The Enduring Appeal of “Dune” as an Adolescent Power Fantasy


Pressed inside an old book of mine is a gray sheet of paper, folded in uneven quarters, titled “Dune Terminology.” On it, there are thirty-seven words and phrases, including a baffling array of place names (Giedi Prime, pronounced “Gee-dee”), machinery (ornithopter, a “small aircraft capable of sustained wing-beat flight in the manner of birds”), and rituals (kanly, a “formal feud or vendetta under the rules of the Great Convention”). Moviegoers with tickets to David Lynch’s “Dune,” which premièred December 14, 1984—I saw it on opening weekend at a mall, in suburban Buffalo—would have picked up the glossary from a stack as they entered the theatre, though the guide was unreadable in the dark, and it contained more than a few spoilers. To the novice, it must have looked like homework. It must have looked like no fun at all.

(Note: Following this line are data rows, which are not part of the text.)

(* There exists a sequence $S\in\{0,1\}^\omega$ such that for all $0<\alpha<1$, FS-depth$(S)\ge 1-\alpha$ and PD-depth$(S)<\alpha$.
   Context: $S\upharpoonright n$ is the length-$n$ prefix of $S$. A finite-state transducer (FST) is $T=(Q,q_0,\delta,\nu)$ with finite state set $Q$, start state $q_0$, $\delta:Q\times\{0,1\}\to Q$, $\nu:Q\times\{0,1\}\to\{0,1\}^*$; $T(\lambda)=\lambda$, $T(xb)=T(x)\nu(\hat\delta(x),b)$. FSTs are described by the following fixed binary representation $\sigma$. For $n\ge1$, $\mathrm{bin}(n)$ is the binary representation of $n$ and $\mathrm{string}(n)$ is $\mathrm{bin}(n)$ with its leading 1 removed. For $x=x_1\cdots x_l$, $x^\dagger=x_10x_20\cdots x_{l-1}0x_l1$, $x^\diamond=\overline{(1x)^\dagger}$ (bitwise complement), and $d(x)=x_1x_1\cdots x_lx_l$. For an FST with states $q_1,\dots,q_m$, write for $1\le i\le m$, $b\in\{0,1\}$, $t=2i-1+b$: $(\delta(q_i,b),\nu(q_i,b))=(q_{1+(n_t \bmod m)},\mathrm{string}(n'_t))$; its transition table is encoded as $\pi=\mathrm{bin}(n_1)^\ddagger\mathrm{string}(n'_1)^\diamond\cdots\mathrm{bin}(n_{2m})^\ddagger\mathrm{string}(n'_{2m})^\diamond$, where $\mathrm{bin}(n_t)^\ddagger$ is empty if the corresponding transition is a self-loop and $\mathrm{bin}(n_t)^\dagger$ otherwise. The string $d(\mathrm{bin}(i))01\pi$ describes that FST with start state $q_i$. $|T|$ is the length of the shortest description of $T$, $\mathrm{FST}^{\le k}=\{T:|T|\le k\}$, and $D^k(x)=\min\{|y|: T\in\mathrm{FST}^{\le k},\,T(y)=x\}$ ($\infty$ if no such $y$). FS-depth$(S)\ge\alpha$ means: for every $k\in\mathbb{N}$ there is $k'\in\mathbb{N}$ such that $D^k(S\upharpoonright n)-D^{k'}(S\upharpoonright n)\ge\alpha n$ for infinitely many $n$. A pushdown compressor (PDC) is $C=(Q,\Gamma,\delta,\nu,q_0,z_0,c)$ with finite state set, stack alphabet $\Gamma=\{0,1,z_0\}$ ($z_0$ bottom-of-stack, never removed), partial transition function $\delta: Q\times(\{0,1\}\cup\{\lambda\})\times\Gamma\to Q\times\Gamma^*$ (top stack symbol replaced by the given string), output function $\nu$ on the same domain into $\{0,1\}^*$, and $c$ bounding consecutive $\lambda$-transitions (reading no input, popping top symbol, outputting nothing); for each $q,a$ either $\delta(q,\lambda,a)$ or both $\delta(q,b,a)$ are undefined. $C(w)$ is the output on $w$ and $\delta_Q(w)$ the final state; $C$ is an ILPDC if $w\mapsto(C(w),\delta_Q(w))$ is injective. ILUPDCs are the same with stack alphabet $\{0,z_0\}$. PD-depth$(S)\ge\alpha$ means: for every ILUPDC $C$ there is an ILPDC $C'$ with $|C(S\upharpoonright n)|-|C'(S\upharpoonright n)|\ge\alpha n$ for all but finitely many $n$; PD-depth$(S)<\alpha$ means this fails. *)

From HB Require Import structures.
From mathcomp Require Import all_boot all_order all_algebra.
From mathcomp Require Import all_classical all_reals ereal.
From mathcomp Require Import Rstruct.

Set Implicit Arguments.
Unset Strict Implicit.
Unset Printing Implicit Defensive.

Import Order.TTheory GRing.Theory Num.Theory.

(* Binary strings are [seq bool] (false = 0, true = 1); infinite       *)
(* sequences are [nat -> bool].                                        *)

Definition prefix (S : nat -> bool) (n : nat) : seq bool := mkseq S n.

(* little-endian bits of n (the fuel n is always enough) *)
Fixpoint lebits (fuel n : nat) : seq bool :=
  match fuel with
  | 0 => [::]
  | fuel'.+1 => if n == 0 then [::] else odd n :: lebits fuel' n./2
  end.

Definition bin (n : nat) : seq bool := rev (lebits n n).

Definition string_of (n : nat) : seq bool := behead (bin n).

Fixpoint dagger (x : seq bool) : seq bool :=
  match x with
  | [::] => [::]
  | a :: x' => if x' is [::] then [:: a; true] else a :: false :: dagger x'
  end.

Definition diamond (x : seq bool) : seq bool := map negb (dagger (true :: x)).

Definition dbl (x : seq bool) : seq bool := flatten (map (fun b => [:: b; b]) x).

(* An FST with m = fm.+1 states q_1,...,q_m, represented by the ordinals
   0,...,m-1 (state q_i is the ordinal i-1). *)
Record fst := FST {
  fm : nat;
  fstart : 'I_fm.+1;
  fdelta : 'I_fm.+1 -> bool -> 'I_fm.+1;
  fnu : 'I_fm.+1 -> bool -> seq bool
}.

Fixpoint fst_run_from (m : nat) (d : 'I_m -> bool -> 'I_m)
    (nu : 'I_m -> bool -> seq bool) (q : 'I_m) (y : seq bool) : seq bool :=
  match y with
  | [::] => [::]
  | b :: y' => nu q b ++ fst_run_from d nu (d q b) y'
  end.

Definition fst_run (T : fst) (y : seq bool) : seq bool :=
  fst_run_from (@fdelta T) (@fnu T) (fstart T) y.

(* [describes p T] : the string p is a description of T under sigma:
   p = d(bin(i)) 01 pi, with i the (1-based) start state and
   pi = bin(n_1)^ddagger string(n'_1)^diamond ... bin(n_2m)^ddagger string(n'_2m)^diamond,
   where, for t = 2i-1+b, delta(q_i,b) = q_{1+(n_t mod m)} and
   nu(q_i,b) = string(n'_t). *)
Definition describes (p : seq bool) (T : fst) : Prop :=
  exists ns : 'I_(fm T).+1 -> bool -> nat,
    (forall j b, 0 < ns j b /\ ns j b %% (fm T).+1 = @fdelta T j b) /\
    let code j b :=
      (if @fdelta T j b == j then [::] else dagger (bin (ns j b)))
        ++ diamond (@fnu T j b) in
    p = dbl (bin (fstart T).+1) ++ [:: false; true]
          ++ flatten [seq code j false ++ code j true | j <- enum 'I_(fm T).+1].

Definition fst_le (k : nat) (T : fst) : Prop :=
  exists p, describes p T /\ size p <= k.

Definition Dk (k : nat) (x : seq bool) : \bar Rdefinitions.R :=
  ereal_inf [set ((size y)%:R)%:E
            | y in [set y | exists T, fst_le k T /\ fst_run T y = x]].
(* Let $\kappa\in\mathbb{K}$, let $(\mathfrak{g},[-,-,-]_\mathfrak{g},\alpha_\mathfrak{g})$ and $(\mathfrak{h},[-,-,-]_\mathfrak{h},\alpha_\mathfrak{h})$ be Hom-Lie triple systems and $\theta$ an action of $\mathfrak{g}$ on $\mathfrak{h}$. A linear map $\mathcal{A}:\mathfrak{h}\to\mathfrak{g}$ is a $\kappa$-weighted $\mathcal{O}$-operator from $\mathfrak{h}$ to $\mathfrak{g}$ with respect to $\theta$ if and only if the linear map $N_\mathcal{A}:\mathfrak{g}\oplus\mathfrak{h}\to\mathfrak{g}\oplus\mathfrak{h}$, $N_\mathcal{A}(x+u)=x+\mathcal{A}u$ (block matrix $\begin{pmatrix}\mathrm{id}&\mathcal{A}\\0&0\end{pmatrix}$), is a Nijenhuis operator on the semidirect product Hom-Lie triple system $\mathfrak{g}\ltimes_\theta\mathfrak{h}$.
   Context: All vector spaces are over a field $\mathbb{K}$ of characteristic zero. A Hom-Lie triple system $(\mathfrak{g},[-,-,-]_\mathfrak{g},\alpha_\mathfrak{g})$ is a vector space $\mathfrak{g}$ with a trilinear map $[-,-,-]_\mathfrak{g}$ and a linear map $\alpha_\mathfrak{g}$ with $\alpha_\mathfrak{g}([x,y,z]_\mathfrak{g})=[\alpha_\mathfrak{g}(x),\alpha_\mathfrak{g}(y),\alpha_\mathfrak{g}(z)]_\mathfrak{g}$ such that for all $x,y,z,a,b$: $[x,y,z]_\mathfrak{g}+[y,x,z]_\mathfrak{g}=0$; $[x,y,z]_\mathfrak{g}+[z,x,y]_\mathfrak{g}+[y,z,x]_\mathfrak{g}=0$; $[\alpha_\mathfrak{g}(a),\alpha_\mathfrak{g}(b),[x,y,z]_\mathfrak{g}]_\mathfrak{g}=[[a,b,x]_\mathfrak{g},\alpha_\mathfrak{g}(y),\alpha_\mathfrak{g}(z)]_\mathfrak{g}+[\alpha_\mathfrak{g}(x),[a,b,y]_\mathfrak{g},\alpha_\mathfrak{g}(z)]_\mathfrak{g}+[\alpha_\mathfrak{g}(x),\alpha_\mathfrak{g}(y),[a,b,z]_\mathfrak{g}]_\mathfrak{g}$. A representation of $\mathfrak{g}$ on $(V,\beta)$ is a bilinear map $\theta:\mathfrak{g}\times\mathfrak{g}\to\mathrm{End}(V)$ such that, with $D(x,y)=\theta(y,x)-\theta(x,y)$, for all $x,y,a,b$: $\theta(\alpha_\mathfrak{g}(x),\alpha_\mathfrak{g}(y))\circ\beta=\beta\circ\theta(x,y)$; $\theta(\alpha_\mathfrak{g}(a),\alpha_\mathfrak{g}(b))\theta(x,y)-\theta(\alpha_\mathfrak{g}(y),\alpha_\mathfrak{g}(b))\theta(x,a)-\theta(\alpha_\mathfrak{g}(x),[y,a,b]_\mathfrak{g})\circ\beta+D(\alpha_\mathfrak{g}(y),\alpha_\mathfrak{g}(a))\theta(x,b)=0$; $\theta(\alpha_\mathfrak{g}(a),\alpha_\mathfrak{g}(b))D(x,y)-D(\alpha_\mathfrak{g}(x),\alpha_\mathfrak{g}(y))\theta(a,b)+\theta([x,y,a]_\mathfrak{g},\alpha_\mathfrak{g}(b))\circ\beta+\theta(\alpha_\mathfrak{g}(a),[x,y,b]_\mathfrak{g})\circ\beta=0$. An action of $\mathfrak{g}$ on a Hom-Lie triple system $(\mathfrak{h},[-,-,-]_\mathfrak{h},\alpha_\mathfrak{h})$ is a representation $\theta$ of $\mathfrak{g}$ on $(\mathfrak{h},\alpha_\mathfrak{h})$ such that for all $x,y\in\mathfrak{g}$, $u,v,w\in\mathfrak{h}$: $\theta(\alpha_\mathfrak{g}(x),\alpha_\mathfrak{g}(y))[u,v,w]_\mathfrak{h}=[\theta(x,y)u,\alpha_\mathfrak{h}(v),\alpha_\mathfrak{h}(w)]_\mathfrak{h}+[\alpha_\mathfrak{h}(u),\theta(x,y)v,\alpha_\mathfrak{h}(w)]_\mathfrak{h}+[\alpha_\mathfrak{h}(u),\alpha_\mathfrak{h}(v),\theta(x,y)w]_\mathfrak{h}$ and $\theta(\alpha_\mathfrak{g}(x),\alpha_\mathfrak{g}(y))[u,v,w]_\mathfrak{h}=[\alpha_\mathfrak{h}(u),\alpha_\mathfrak{h}(v),\theta(x,y)w]_\mathfrak{h}=0$. The semidirect product $\mathfrak{g}\ltimes_\theta\mathfrak{h}$ is $\mathfrak{g}\oplus\mathfrak{h}$ with twist map $(\alpha_\mathfrak{g}\oplus\alpha_\mathfrak{h})(x+u)=\alpha_\mathfrak{g}(x)+\alpha_\mathfrak{h}(u)$ and bracket $[x+u,y+v,z+w]_\theta=[x,y,z]_\mathfrak{g}+D(x,y)w-\theta(x,z)v+\theta(y,z)u+\kappa[u,v,w]_\mathfrak{h}$; it is a Hom-Lie triple system. A $\kappa$-weighted $\mathcal{O}$-operator from $\mathfrak{h}$ to $\mathfrak{g}$ with respect to $\theta$ is a linear map $\mathcal{A}:\mathfrak{h}\to\mathfrak{g}$ with $\mathcal{A}\circ\alpha_\mathfrak{h}=\alpha_\mathfrak{g}\circ\mathcal{A}$ and $[\mathcal{A}u,\mathcal{A}v,\mathcal{A}w]_\mathfrak{g}=\mathcal{A}\big(D(\mathcal{A}u,\mathcal{A}v)w-\theta(\mathcal{A}u,\mathcal{A}w)v+\theta(\mathcal{A}v,\mathcal{A}w)u+\kappa[u,v,w]_\mathfrak{h}\big)$ for all $u,v,w\in\mathfrak{h}$. A Nijenhuis operator on a Hom-Lie triple system $(L,[-,-,-],\alpha)$ is a linear map $N:L\to L$ with $N\circ\alpha=\alpha\circ N$ and, for all $x,y,z\in L$, $[Nx,Ny,Nz]=N([x,Ny,Nz]+[Nx,y,Nz]+[Nx,Ny,z])-N^2([Nx,y,z]+[x,Ny,z]+[x,y,Nz])+N^3[x,y,z]$. *)

From HB Require Import structures.
From mathcomp Require Import all_boot all_order all_algebra.
Set Implicit Arguments. Unset Strict Implicit. Unset Printing Implicit Defensive.
Import GRing.Theory.
Local Open Scope ring_scope.

Section HomLTS.
Variable K : fieldType.

Definition lin (U V : lmodType K) (f : U -> V) : Prop :=
  forall (a : K) (u v : U), f (a *: u + v) = a *: f u + f v.

Definition trilin (V : lmodType K) (br : V -> V -> V -> V) : Prop :=
  (forall y z, lin (fun x => br x y z)) /\
  (forall x z, lin (fun y => br x y z)) /\
  (forall x y, lin (fun z => br x y z)).

Definition HomLTS (V : lmodType K) (br : V -> V -> V -> V) (al : V -> V) : Prop :=
  [/\ trilin br, lin al,
      (forall x y z, al (br x y z) = br (al x) (al y) (al z)) &
      [/\ (forall x y z, br x y z + br y x z = 0),
      (forall x y z, br x y z + br z x y + br y z x = 0) &
      (forall a b x y z,
        br (al a) (al b) (br x y z) =
        br (br a b x) (al y) (al z) + br (al x) (br a b y) (al z)
        + br (al x) (al y) (br a b z))]].

Definition Dop (G V : lmodType K) (theta : G -> G -> V -> V) (x y : G) (v : V) : V :=
  theta y x v - theta x y v.

Definition representation (G V : lmodType K) (brg : G -> G -> G -> G) (alg : G -> G)
    (theta : G -> G -> V -> V) (be : V -> V) : Prop :=
  [/\ lin be,
      (forall x y, lin (theta x y)),
      (forall y v, lin (fun x => theta x y v)),
      (forall x v, lin (fun y => theta x y v)) &
      [/\ (forall x y v, theta (alg x) (alg y) (be v) = be (theta x y v)),
      (forall x y a b v,
        theta (alg a) (alg b) (theta x y v) - theta (alg y) (alg b) (theta x a v)
        - theta (alg x) (brg y a b) (be v) + Dop theta (alg y) (alg a) (theta x b v) = 0) &
      (forall x y a b v,
        theta (alg a) (alg b) (Dop theta x y v) - Dop theta (alg x) (alg y) (theta a b v)
        + theta (brg x y a) (alg b) (be v) + theta (alg a) (brg x y b) (be v) = 0)]].

Definition action (G H : lmodType K) (brg : G -> G -> G -> G) (alg : G -> G)
    (brh : H -> H -> H -> H) (alh : H -> H) (theta : G -> G -> H -> H) : Prop :=
  [/\ representation brg alg theta alh,
      (forall x y u v w,
        theta (alg x) (alg y) (brh u v w) =
        brh (theta x y u) (alh v) (alh w) + brh (alh u) (theta x y v) (alh w)
        + brh (alh u) (alh v) (theta x y w)),
      (forall x y u v w, theta (alg x) (alg y) (brh u v w) = 0) &
      (forall x y u v w, brh (alh u) (alh v) (theta x y w) = 0)].

(* Semidirect product g ⋉_theta h on g * h (x + u is the pair (x, u)). *)
Definition sd_bracket (G H : lmodType K) (brg : G -> G -> G -> G)
    (brh : H -> H -> H -> H) (theta : G -> G -> H -> H) (kappa : K)
    (p q r : G * H) : G * H :=
  let: (x, u) := p in let: (y, v) := q in let: (z, w) := r in
  (brg x y z, Dop theta x y w - theta x z v + theta y z u + kappa *: brh u v w).

Definition sd_twist (G H : lmodType K) (alg : G -> G) (alh : H -> H) (p : G * H) : G * H :=
  (alg p.1, alh p.2).

Definition O_operator (G H : lmodType K) (brg : G -> G -> G -> G) (alg : G -> G)
    (brh : H -> H -> H -> H) (alh : H -> H) (theta : G -> G -> H -> H) (kappa : K)
    (A : H -> G) : Prop :=
  lin A /\
  (forall u, A (alh u) = alg (A u)) /\
  (forall u v w,
    brg (A u) (A v) (A w) =
    A (Dop theta (A u) (A v) w - theta (A u) (A w) v + theta (A v) (A w) u
       + kappa *: brh u v w)).

Definition Nijenhuis (L : lmodType K) (br : L -> L -> L -> L) (al : L -> L)
    (N : L -> L) : Prop :=
  lin N /\
  (forall x, N (al x) = al (N x)) /\
  (forall x y z,
    br (N x) (N y) (N z) =
    N (br x (N y) (N z) + br (N x) y (N z) + br (N x) (N y) z)
    - N (N (br (N x) y z + br x (N y) z + br x y (N z)))
    + N (N (N (br x y z)))).

Definition N_of (G H : lmodType K) (A : H -> G) (p : G * H) : G * H :=
  (p.1 + A p.2, 0).

End HomLTS.

(* N_A is idempotent, and expanding [p - N p, q - N q, r - N r] trilinearly shows
   that for an idempotent N the right-hand side of the Nijenhuis identity equals
   N [N p, N q, N r] + N [p - N p, q - N q, r - N r].  The image of N_A is g, which
   is closed under the bracket and fixed by N_A, so the first term is [N p, N q, N r];
   and p - N_A p = (- A u, u) lies in the graph of - A, on which N_A [-, -, -] is
   (A (D(Au,Av)w - theta(Au,Aw)v + theta(Av,Aw)u + kappa [u,v,w]) - [Au,Av,Aw], 0).
   Hence the Nijenhuis identity at (p, q, r) is the O-operator identity at the
   h-components of p, q, r, while commuting with the twist amounts to
   A alpha_h = alpha_g A. *)

From mathcomp Require Import all_boot all_order all_algebra.
Set Implicit Arguments. Unset Strict Implicit. Unset Printing Implicit Defensive.
Import GRing.Theory.
Local Open Scope ring_scope.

I didn’t need the cheat sheet—at fourteen, I was conversant with the “Dune”-iverse, having already read Frank Herbert’s best-selling science-fiction novel. By 1984, the book had sold over ten million copies and spawned four sequels. Focussing on the fifteen-year-old hero Paul Atreides, the story unfolds twenty thousand years in the future, on the desert planet of Arrakis, home to sandworms as big as spaceships, a group of guerrilla survivalists called the Fremen, and the coveted spice known as melange, which allows its users to “fold space”—a necessity for interstellar travel—and which colors the entirety of their eyes blue. “Dune” mesmerized me. I scribbled the Fremen rallying cry, “Ya hya chouhada,” in the margins of my notebooks and studied the vibrant cover painting, with its dozens of tiny people fleeing a rampant sandworm, its maw lit up like a jet engine. The movie couldn’t arrive fast enough.